● **Provided material**:

Theorem proposition4p4 (T : Type) (d : T -> T -> R) :
  is_metric d -> is_R_tree d ->
  (forall Rr : R, 0 <= Rr -> Rbar_le (Delta_c d Rr) (Finite (2 * Rr))) /\
  (forall eps : R, 0 < eps ->
     exists (K : Type) (f : T -> (K -> R)),
       (forall t, in_c0plus (f t)) /\
       (forall s t, f s = f t -> s = t) /\
       exists L1 L2 : R, 0 <= L1 /\ 0 <= L2 /\ L1 * L2 <= 4 + eps /\
         (forall s t, c0dist (f s) (f t) <= L1 * d s t) /\
         (forall s t, d s t <= L2 * c0dist (f s) (f t))).
Proof.
  intros Hm Ht.
  destruct (classic (inhabited T)) as [[o]|Hempty].
  - pose proof (R_tree_zero_hyperbolic d Hm Ht o) as Hhyp.
    pose proof (R_tree_has_segments d Ht o) as Hseg.
    split.
    + intros r Hr. exact (zero_hyperbolic_Delta_c d Hm o Hhyp Hseg r Hr).
    + intros eps Heps. change (c0plus_embeddable d (4 + eps)).
      replace (4 + eps) with (4 + 4 / (4 / eps)) by (field; lra).
      apply (dyadic_embedding_c0plus d Hm o Hhyp Hseg).
      apply Rdiv_lt_0_compat; lra.
  - assert (Hn : T -> False) by (intros t; apply Hempty; constructor; exact t).
    split.
    + intros r Hr. apply Rbar_le_trans with (Finite 0); [apply Delta_c_empty; auto|].
      simpl. lra.
    + intros eps Heps. apply c0plus_embeddable_empty; [lra|exact Hn].
Qed.
Lemma extremal_contradiction : False.
Proof.
have [xm [zsm [Oxm Ozsm Q_max]]] := exists_Q_max.
have [q0 Oq mq] := Q_bound Oxm Ozsm; set q := Q xm zsm in q0 Oq mq Q_max.
have MD_gt0 : (0 < M * D)%N by rewrite muln_gt0 expn_gt0 n_gt0.
have [x [x0 mxq mpix]] := divisible_between Hdiv q0 (expf_neq0 _ pi_neq0) MD_gt0 mq.
have Ox : in_O x.
  apply: (in_O_of_expr MD_gt0); rewrite -(divfK q0 (x ^+ _)).
  exact: in_OM (in_m_O mxq) Oq.
have mt : in_m (pi / x) by apply: (in_m_of_expr MD_gt0); rewrite expr_div_n.
have [xpi uu] := binform_far x0 mt; set u := binform n p 1 _ in xpi uu.
have meps j : in_m (C`_j * pi ^+ n / binform n p x pi).
  have -> : C`_j * pi ^+ n / binform n p x pi = u^-1 * (C`_j * (pi / x) ^+ n).
    by rewrite xpi expr_div_n; field; rewrite ?x0 ?expf_neq0 ?(vunit_neq0 uu).
  apply: in_mM; first exact/vunit_O/vunitV.
  by apply: in_mM; [exact: in_O_nth | exact: in_mX].
have [j _|zs zs_size zs_root] := @seq_choice _ 0
    (fun j z => in_O z /\ eval2 g (C`_j * pi ^+ n / binform n p x pi) z = 0) r.
  by have [z Oz gz] := g_root (meps j); exists z.
have Ozs j : in_O zs`_j.
  by have [/zs_root[]|le_r_j] := ltnP j r; last by rewrite nth_default ?zs_size //; apply: in_O0.
have Qx : Q x zs = x ^+ (M * D).
  rewrite /Q exprM -(iterform_cons_nseq0 p _ _ n_gt0); congr (iterform _ _ (_ :: _)).
  rewrite -[in nseq r 0](size_iota 0 r) -(size_map (fun j => homog_eval2 g N
    (C`_j * pi ^+ n) (binform n p x pi) zs`_j)); apply/all_pred1P/allP => e /mapP[j].
  rewrite mem_iota add0n => /andP[_ /zs_root[_ gz]] ->.
  by rewrite /= homog_eval2E ?gz ?mulr0 // xpi mulf_neq0 ?expf_neq0 ?(vunit_neq0 uu).
have := Q_max x zs zs_size Ox Ozs; rewrite Qx; apply/negP.
exact: in_m_div_not_vle.
Qed.

End ExtremalContradiction.

Lemma artin_schreier_slope_unit z eps : in_O z -> in_m eps ->
  in_m (z ^+ 2 - z - eps) -> vunit (1 - (z + z)).
Proof.
move=> Oz meps me; have Oeps := in_m_O meps; have Oz2 := in_OX 2 Oz.
have Oz2z := in_OB Oz2 Oz; have Ozz := in_OD Oz Oz.
apply/res_neq0; first exact: in_OB in_O1 Ozz.
have /eqP : res z * (res z - 1) = 0.
  have /(res_eq0 (in_OB Oz2z Oeps)) := me.
  by rewrite !resB // resX // (proj2 (res_eq0 Oeps) meps) subr0 mulrBr mulr1 -expr2.
have O1 : in_O 1 := in_O1.
rewrite resB // resD // res1 mulf_eq0 subr_eq0 => /orP[]/eqP ->.
  by rewrite addr0 subr0 oner_neq0.
by rewrite opprD addrA subrr sub0r oppr_eq0 oner_neq0.
Qed.

Lemma extremal_artin_schreier_root : extremal le v ->
  forall eps, in_m eps -> exists2 z, in_O z & z ^+ 2 - z - eps = 0.
Proof.
move=> Hext eps meps; have Oeps := in_m_O meps.
pose T := ('X_0 ^+ 2 - 'X_0 - eps%:T)%T.
have [a [a_size Oa a_max]] := Hext 1%N T isT.
case: a a_size Oa a_max => [|z0 []] // _ Oa a_max.
have Oz0 : in_O z0 by apply: Oa; rewrite inE eqxx.
have z0_max z : in_O z -> vle le (v (z ^+ 2 - z - eps)) (v (z0 ^+ 2 - z0 - eps)).
  by move=> Oz; apply: (a_max [:: z]) => // y /predU1P[->|].
have me0 : in_m (z0 ^+ 2 - z0 - eps).
  apply: vle_in_m (z0_max 0 in_O0) _.
  by rewrite expr0n subr0 sub0r -mulN1r; apply: in_mM (in_ON in_O1) meps.
have [e0|e0] := eqVneq (z0 ^+ 2 - z0 - eps) 0; first by exists z0.
have ud := artin_schreier_slope_unit Oz0 meps me0.
set e := z0 ^+ 2 - z0 - eps in me0 e0 ud; set d := e / (1 - (z0 + z0)).
have Od : in_O d by apply: in_O_divu (in_m_O me0) ud.
have z1_root : (z0 + d) ^+ 2 - (z0 + d) - eps = d ^+ 2.
  by rewrite /d /e; field; rewrite (vunit_neq0 ud).
have : ~~ vle le (v (d ^+ 2)) (v e).
  apply: in_m_div_not_vle => //.
  have -> : d ^+ 2 / e = (1 - (z0 + z0)) ^- 2 * e.
    by rewrite /d; field; rewrite e0 (vunit_neq0 ud).
  exact: in_mM (vunit_O (vunitV (vunitX 2 ud))) me0.
by rewrite -z1_root z0_max //; apply: in_OD.
Qed.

● **Exercise**:
Which lines above hold the string "Heps"? Please copy all of them.

● **Result of this exercise**:
    + intros eps Heps. change (c0plus_embeddable d (4 + eps)).
    + intros eps Heps. apply c0plus_embeddable_empty; [lra|exact Hn].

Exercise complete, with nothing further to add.